==== The records
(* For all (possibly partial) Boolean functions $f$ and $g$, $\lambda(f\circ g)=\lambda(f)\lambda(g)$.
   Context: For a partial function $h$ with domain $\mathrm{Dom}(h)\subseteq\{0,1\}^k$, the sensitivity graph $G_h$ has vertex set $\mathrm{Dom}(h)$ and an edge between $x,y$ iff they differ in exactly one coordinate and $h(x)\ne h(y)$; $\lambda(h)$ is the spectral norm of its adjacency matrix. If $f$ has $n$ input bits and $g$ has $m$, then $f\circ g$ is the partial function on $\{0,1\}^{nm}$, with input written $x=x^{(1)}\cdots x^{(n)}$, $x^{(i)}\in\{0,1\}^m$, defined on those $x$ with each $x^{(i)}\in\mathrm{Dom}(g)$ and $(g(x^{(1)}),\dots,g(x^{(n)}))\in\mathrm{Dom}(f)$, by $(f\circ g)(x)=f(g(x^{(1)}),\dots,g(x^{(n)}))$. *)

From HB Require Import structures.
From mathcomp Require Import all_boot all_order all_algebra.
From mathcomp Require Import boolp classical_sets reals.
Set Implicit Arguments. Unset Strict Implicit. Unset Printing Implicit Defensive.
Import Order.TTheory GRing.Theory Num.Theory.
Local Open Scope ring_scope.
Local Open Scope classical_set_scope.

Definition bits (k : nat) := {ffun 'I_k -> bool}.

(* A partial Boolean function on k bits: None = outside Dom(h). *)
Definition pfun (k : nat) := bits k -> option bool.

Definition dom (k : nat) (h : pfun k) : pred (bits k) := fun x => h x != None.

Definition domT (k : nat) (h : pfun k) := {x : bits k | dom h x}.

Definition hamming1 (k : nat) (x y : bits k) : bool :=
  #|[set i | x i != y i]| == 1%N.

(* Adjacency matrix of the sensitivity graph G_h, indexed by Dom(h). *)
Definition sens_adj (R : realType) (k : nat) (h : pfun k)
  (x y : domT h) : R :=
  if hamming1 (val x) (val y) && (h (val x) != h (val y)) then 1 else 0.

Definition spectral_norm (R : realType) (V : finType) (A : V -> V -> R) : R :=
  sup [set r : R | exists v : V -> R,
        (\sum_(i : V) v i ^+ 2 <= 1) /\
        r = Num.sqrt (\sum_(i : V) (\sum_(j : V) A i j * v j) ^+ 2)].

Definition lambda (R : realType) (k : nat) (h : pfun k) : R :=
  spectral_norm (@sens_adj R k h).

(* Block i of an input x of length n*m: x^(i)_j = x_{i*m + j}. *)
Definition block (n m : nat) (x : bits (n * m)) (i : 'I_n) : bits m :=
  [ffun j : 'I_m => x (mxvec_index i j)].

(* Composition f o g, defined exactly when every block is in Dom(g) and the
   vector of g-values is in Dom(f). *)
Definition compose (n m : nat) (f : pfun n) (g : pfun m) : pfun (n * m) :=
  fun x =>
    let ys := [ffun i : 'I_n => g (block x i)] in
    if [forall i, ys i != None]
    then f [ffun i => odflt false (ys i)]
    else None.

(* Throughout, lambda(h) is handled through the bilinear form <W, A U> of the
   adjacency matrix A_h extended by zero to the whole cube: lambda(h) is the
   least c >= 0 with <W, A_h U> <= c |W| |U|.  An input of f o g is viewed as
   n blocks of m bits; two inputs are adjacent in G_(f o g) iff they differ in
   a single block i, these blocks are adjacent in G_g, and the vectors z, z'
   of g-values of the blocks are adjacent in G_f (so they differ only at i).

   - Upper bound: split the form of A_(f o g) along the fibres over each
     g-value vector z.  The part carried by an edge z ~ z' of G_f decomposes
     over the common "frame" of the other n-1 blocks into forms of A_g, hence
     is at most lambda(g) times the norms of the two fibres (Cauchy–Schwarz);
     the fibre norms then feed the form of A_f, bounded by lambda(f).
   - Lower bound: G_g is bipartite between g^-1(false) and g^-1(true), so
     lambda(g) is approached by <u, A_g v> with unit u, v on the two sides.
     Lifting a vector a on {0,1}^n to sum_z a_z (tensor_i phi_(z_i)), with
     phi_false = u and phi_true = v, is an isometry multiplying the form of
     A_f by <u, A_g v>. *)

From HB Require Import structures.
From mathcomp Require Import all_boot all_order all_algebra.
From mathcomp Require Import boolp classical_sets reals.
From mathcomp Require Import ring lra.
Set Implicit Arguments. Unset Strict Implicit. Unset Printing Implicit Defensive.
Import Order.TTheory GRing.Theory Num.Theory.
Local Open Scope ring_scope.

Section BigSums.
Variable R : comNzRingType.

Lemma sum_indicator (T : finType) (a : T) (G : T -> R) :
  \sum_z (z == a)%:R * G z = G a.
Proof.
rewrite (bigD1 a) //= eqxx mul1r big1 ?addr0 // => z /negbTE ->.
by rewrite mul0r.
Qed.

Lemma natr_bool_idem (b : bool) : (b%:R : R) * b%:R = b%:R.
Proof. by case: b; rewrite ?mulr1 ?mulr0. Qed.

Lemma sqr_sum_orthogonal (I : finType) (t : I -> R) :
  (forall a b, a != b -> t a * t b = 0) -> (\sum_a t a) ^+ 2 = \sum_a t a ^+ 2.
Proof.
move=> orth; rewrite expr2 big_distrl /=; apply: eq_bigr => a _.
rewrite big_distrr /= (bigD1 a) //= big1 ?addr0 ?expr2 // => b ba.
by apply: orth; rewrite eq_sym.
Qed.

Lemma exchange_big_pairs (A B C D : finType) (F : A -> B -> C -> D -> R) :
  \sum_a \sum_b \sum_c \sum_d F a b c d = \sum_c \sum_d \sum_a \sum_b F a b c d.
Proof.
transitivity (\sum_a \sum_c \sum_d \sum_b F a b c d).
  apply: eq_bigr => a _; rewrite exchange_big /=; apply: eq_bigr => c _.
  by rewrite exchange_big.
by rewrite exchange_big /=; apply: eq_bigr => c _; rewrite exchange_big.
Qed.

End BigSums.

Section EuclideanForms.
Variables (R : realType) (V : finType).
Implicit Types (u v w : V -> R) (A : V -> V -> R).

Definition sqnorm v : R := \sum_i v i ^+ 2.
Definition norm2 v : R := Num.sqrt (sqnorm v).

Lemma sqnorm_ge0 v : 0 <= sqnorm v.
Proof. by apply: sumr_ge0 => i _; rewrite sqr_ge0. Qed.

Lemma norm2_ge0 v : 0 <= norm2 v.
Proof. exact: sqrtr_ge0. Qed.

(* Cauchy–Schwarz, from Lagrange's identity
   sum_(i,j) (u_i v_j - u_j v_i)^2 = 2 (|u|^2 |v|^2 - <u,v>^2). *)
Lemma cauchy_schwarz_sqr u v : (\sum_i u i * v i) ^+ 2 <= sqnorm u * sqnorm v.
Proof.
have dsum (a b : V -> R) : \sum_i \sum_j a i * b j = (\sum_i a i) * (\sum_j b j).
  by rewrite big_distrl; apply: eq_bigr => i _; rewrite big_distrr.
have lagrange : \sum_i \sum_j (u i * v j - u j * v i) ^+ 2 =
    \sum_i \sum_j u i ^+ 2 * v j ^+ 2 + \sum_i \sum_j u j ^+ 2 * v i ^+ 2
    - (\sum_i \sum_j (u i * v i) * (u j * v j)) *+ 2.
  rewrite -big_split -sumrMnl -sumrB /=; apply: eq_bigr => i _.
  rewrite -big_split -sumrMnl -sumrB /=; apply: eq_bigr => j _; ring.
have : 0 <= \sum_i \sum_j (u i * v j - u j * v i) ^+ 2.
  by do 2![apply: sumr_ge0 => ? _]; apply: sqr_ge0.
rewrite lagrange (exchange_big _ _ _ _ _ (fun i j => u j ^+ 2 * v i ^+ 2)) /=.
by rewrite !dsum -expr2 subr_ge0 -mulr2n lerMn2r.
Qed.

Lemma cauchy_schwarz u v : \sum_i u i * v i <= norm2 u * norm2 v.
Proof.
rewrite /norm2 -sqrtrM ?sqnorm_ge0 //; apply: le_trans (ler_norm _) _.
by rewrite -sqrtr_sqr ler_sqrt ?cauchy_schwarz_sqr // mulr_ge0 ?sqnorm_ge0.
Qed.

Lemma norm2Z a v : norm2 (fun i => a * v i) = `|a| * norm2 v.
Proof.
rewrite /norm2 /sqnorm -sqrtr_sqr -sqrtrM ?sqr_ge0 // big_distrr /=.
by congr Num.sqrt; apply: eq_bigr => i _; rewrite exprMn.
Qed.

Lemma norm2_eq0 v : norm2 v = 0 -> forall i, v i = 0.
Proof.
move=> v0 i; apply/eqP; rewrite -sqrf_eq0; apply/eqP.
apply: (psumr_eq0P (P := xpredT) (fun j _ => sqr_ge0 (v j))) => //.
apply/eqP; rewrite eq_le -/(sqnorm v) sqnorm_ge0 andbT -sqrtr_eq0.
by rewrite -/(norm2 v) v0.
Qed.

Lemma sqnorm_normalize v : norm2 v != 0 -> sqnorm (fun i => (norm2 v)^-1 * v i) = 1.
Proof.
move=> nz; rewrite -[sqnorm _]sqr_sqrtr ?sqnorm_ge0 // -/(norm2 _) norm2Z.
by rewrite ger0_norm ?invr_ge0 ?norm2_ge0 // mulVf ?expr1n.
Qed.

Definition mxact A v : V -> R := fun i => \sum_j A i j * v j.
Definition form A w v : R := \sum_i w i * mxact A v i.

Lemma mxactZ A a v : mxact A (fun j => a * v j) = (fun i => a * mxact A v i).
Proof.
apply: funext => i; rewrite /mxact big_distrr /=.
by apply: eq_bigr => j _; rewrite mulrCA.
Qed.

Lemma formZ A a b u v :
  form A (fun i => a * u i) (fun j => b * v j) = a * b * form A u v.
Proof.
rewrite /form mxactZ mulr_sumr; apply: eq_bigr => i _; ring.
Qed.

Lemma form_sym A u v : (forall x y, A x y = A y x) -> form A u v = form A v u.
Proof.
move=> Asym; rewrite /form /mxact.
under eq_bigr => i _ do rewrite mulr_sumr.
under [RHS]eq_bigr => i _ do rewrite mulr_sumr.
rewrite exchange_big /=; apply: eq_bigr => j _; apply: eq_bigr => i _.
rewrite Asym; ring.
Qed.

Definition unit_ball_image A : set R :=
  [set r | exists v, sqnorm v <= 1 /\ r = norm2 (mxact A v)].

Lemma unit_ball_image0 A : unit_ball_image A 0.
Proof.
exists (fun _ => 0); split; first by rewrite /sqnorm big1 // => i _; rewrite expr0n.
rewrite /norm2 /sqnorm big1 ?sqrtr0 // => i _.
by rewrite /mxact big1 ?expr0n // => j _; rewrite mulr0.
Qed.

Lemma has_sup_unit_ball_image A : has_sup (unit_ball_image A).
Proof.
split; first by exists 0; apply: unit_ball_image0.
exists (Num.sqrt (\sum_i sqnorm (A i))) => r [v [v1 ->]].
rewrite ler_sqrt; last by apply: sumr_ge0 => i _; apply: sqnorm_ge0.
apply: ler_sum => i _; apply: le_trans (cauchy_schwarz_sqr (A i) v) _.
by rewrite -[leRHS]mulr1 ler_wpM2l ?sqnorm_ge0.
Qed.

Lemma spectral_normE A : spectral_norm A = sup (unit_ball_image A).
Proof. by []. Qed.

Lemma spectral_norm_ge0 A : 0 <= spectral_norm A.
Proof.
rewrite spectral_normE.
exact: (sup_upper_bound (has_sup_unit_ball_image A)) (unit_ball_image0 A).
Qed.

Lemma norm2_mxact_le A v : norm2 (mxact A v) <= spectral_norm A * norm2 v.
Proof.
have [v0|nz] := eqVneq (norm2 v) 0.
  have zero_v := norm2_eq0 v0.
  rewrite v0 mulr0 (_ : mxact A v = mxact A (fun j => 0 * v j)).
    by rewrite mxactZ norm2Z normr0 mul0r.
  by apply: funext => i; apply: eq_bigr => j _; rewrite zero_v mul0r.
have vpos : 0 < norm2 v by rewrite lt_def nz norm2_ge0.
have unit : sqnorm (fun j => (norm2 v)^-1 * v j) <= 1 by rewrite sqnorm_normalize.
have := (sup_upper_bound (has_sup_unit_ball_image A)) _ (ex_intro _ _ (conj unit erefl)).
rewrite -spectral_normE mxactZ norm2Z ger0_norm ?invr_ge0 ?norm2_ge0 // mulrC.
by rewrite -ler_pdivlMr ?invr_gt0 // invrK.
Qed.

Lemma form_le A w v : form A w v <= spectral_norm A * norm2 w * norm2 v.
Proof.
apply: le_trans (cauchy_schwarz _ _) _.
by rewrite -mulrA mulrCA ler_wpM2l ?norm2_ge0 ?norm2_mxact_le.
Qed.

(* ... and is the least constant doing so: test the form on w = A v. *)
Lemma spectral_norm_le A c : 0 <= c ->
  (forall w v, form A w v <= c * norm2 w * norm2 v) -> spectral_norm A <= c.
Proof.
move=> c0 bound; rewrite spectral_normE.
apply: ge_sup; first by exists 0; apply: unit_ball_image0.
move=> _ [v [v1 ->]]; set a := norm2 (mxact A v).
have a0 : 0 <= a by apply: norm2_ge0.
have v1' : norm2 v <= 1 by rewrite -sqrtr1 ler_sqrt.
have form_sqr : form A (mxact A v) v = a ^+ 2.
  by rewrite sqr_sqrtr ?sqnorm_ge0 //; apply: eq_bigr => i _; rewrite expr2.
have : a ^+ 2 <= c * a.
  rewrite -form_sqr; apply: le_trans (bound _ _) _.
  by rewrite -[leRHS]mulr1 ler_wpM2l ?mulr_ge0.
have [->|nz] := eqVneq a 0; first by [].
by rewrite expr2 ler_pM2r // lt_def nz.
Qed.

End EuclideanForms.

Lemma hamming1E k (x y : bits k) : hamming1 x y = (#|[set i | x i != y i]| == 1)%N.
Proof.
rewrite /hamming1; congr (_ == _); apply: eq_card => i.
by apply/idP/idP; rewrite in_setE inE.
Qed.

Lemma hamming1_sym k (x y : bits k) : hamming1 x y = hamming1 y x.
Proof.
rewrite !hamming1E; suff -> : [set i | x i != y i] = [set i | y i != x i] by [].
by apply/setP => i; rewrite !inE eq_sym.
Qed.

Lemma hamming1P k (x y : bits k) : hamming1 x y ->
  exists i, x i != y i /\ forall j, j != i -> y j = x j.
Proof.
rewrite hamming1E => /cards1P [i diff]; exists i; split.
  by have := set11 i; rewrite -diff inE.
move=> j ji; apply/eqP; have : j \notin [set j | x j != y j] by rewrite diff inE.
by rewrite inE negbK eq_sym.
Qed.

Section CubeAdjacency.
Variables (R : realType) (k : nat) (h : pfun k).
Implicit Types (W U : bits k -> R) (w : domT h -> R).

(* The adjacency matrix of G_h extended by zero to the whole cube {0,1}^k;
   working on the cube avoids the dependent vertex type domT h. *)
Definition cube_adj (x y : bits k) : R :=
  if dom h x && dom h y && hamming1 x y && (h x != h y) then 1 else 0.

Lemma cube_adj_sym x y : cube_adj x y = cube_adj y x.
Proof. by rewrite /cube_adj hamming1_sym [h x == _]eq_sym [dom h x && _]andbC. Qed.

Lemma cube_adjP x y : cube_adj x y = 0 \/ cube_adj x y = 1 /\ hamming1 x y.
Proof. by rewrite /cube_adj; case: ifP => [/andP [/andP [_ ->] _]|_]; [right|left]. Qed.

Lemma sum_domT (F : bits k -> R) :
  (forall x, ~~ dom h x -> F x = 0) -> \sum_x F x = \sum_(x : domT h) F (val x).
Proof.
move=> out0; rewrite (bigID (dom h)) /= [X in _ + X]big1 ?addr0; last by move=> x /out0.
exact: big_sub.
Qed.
========
> **What to do**
Transcribe the lines above between the line holding "split; first by exists" and the line holding "have := (sup_upper_bound", inclusive, exactly as they stand and with nothing added.

> **Solved problem**
split; first by exists 0; apply: unit_ball_image0.
exists (Num.sqrt (\sum_i sqnorm (A i))) => r [v [v1 ->]].
rewrite ler_sqrt; last by apply: sumr_ge0 => i _; apply: sqnorm_ge0.
apply: ler_sum => i _; apply: le_trans (cauchy_schwarz_sqr (A i) v) _.
by rewrite -[leRHS]mulr1 ler_wpM2l ?sqnorm_ge0.
Qed.

Lemma spectral_normE A : spectral_norm A = sup (unit_ball_image A).
Proof. by []. Qed.

Lemma spectral_norm_ge0 A : 0 <= spectral_norm A.
Proof.
rewrite spectral_normE.
exact: (sup_upper_bound (has_sup_unit_ball_image A)) (unit_ball_image0 A).
Qed.

Lemma norm2_mxact_le A v : norm2 (mxact A v) <= spectral_norm A * norm2 v.
Proof.
have [v0|nz] := eqVneq (norm2 v) 0.
  have zero_v := norm2_eq0 v0.
  rewrite v0 mulr0 (_ : mxact A v = mxact A (fun j => 0 * v j)).
    by rewrite mxactZ norm2Z normr0 mul0r.
  by apply: funext => i; apply: eq_bigr => j _; rewrite zero_v mul0r.
have vpos : 0 < norm2 v by rewrite lt_def nz norm2_ge0.
have unit : sqnorm (fun j => (norm2 v)^-1 * v j) <= 1 by rewrite sqnorm_normalize.
have := (sup_upper_bound (has_sup_unit_ball_image A)) _ (ex_intro _ _ (conj unit erefl)).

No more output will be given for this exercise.